* Saved data entries:
*-*-*
(* Consider subgradient-push as in the setting below. Suppose $\{\mathbb G(t)\}$ is uniformly strongly connected by sub-sequences of length $L$ and $\|g_i(t)\|\le G$ for all $i,t$, for some $G>0$. Let $\eta,\mu$ be constants as described below. Then for all $t\ge0$ and $i\in\mathcal V$, $$\Big\|z_i(t+1)-\frac1n\sum_{k=1}^n\big(x_k(t)-\alpha(t)g_k(t)\big)\Big\|\le\frac8\eta\mu^t\sum_{k=1}^n\|x_k(0)-\alpha(0)g_k(0)\|+\frac{8nG}{\eta}\sum_{s=1}^t\mu^{t-s}\alpha(s).$$ If in addition $\{\alpha(t)\}$ is positive, non-increasing, with $\sum_t\alpha(t)=\infty$ and $\sum_t\alpha^2(t)<\infty$, then for all $t\ge0$ and $i\in\mathcal V$, $$\Big\|z_i(t+1)-\frac1n\sum_{k=1}^n\big(x_k(t)-\alpha(t)g_k(t)\big)\Big\|\le\frac8\eta\mu^t\sum_{k=1}^n\|x_k(0)-\alpha(0)g_k(0)\|+\frac{8nG}{\eta(1-\mu)}\big(\alpha(0)\mu^{t/2}+\alpha(\lceil t/2\rceil)\big).$$
   Context: Setting. Fix $n$ agents, $\mathcal V=\{1,\dots,n\}$. For each $t\in\{0,1,2,\dots\}$, $\mathbb G(t)=(\mathcal V,\mathcal E(t))$ is a directed graph containing a self-arc $(i,i)$ at every vertex; $\mathcal N_i(t)=\{j:(j,i)\in\mathcal E(t)\}$ and $\mathcal N_i^-(t)=\{k:(i,k)\in\mathcal E(t)\}$. Weights $w_{ij}(t)$ are positive for $j\in\mathcal N_i(t)$ and $w_{ij}(t)=0$ otherwise, and satisfy: there is $\beta>0$ with $w_{ij}(t)\ge\beta$ whenever $j\in\mathcal N_i(t)$, and $\sum_{j\in\mathcal N_i^-(t)}w_{ji}(t)=1$ for all $i,t$. Write $\Phi_W(t,\tau)=W(t-1)\cdots W(\tau)$ for $t>\tau$, where $W(t)=[w_{ij}(t)]$. The sequence $\{\mathbb G(t)\}$ is uniformly strongly connected by sub-sequences of length $L$ if for every $t\ge0$ the directed graph with vertex set $\mathcal V$ and edge set $\bigcup_{k=t}^{t+L-1}\mathcal E(k)$ is strongly connected. Subgradient-push: each agent $i$ has a convex $f_i:\mathbb R^d\to\mathbb R$; with stepsizes $\alpha(t)>0$, $x_i(t+1)=\sum_{j\in\mathcal N_i(t)}w_{ij}(t)[x_j(t)-\alpha(t)g_j(t)]$, $x_i(0)\in\mathbb R^d$; $y_i(t+1)=\sum_{j\in\mathcal N_i(t)}w_{ij}(t)y_j(t)$, $y_i(0)=1$; $z_i(t)=x_i(t)/y_i(t)$; and $g_i(t)$ is a subgradient of $f_i$ at $z_i(t)$. Constants: $\eta>0$ is any constant with $y_i(t)\ge\eta$ for all $i,t$ (such exists, e.g. $\eta=n^{-nL}$); $\mu\in(0,1)$ is any constant for which there exist stochastic vectors $\phi(t)\in\mathbb R^n$ with $|[\Phi_W(t+1,s)]_{ij}-\phi_i(t)|\le4\mu^{t-s}$ for all $i,j\in\mathcal V$, $t\ge s\ge0$ (e.g. $\mu=(1-n^{-nL})^{1/L}$). *)

From HB Require Import structures.
From mathcomp Require Import all_boot all_order all_algebra.
From mathcomp Require Import all_classical all_reals all_analysis.
Set Implicit Arguments. Unset Strict Implicit. Unset Printing Implicit Defensive.
Import Order.TTheory GRing.Theory Num.Theory.
Local Open Scope ring_scope.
*-*-*
* WHAT THE EXERCISE ASKS: Search the entries for the string "Require" and copy each line where it occurs.

* ANSWER TO THE PROBLEM:
From HB Require Import structures.
From mathcomp Require Import all_boot all_order all_algebra.
From mathcomp Require Import all_classical all_reals all_analysis.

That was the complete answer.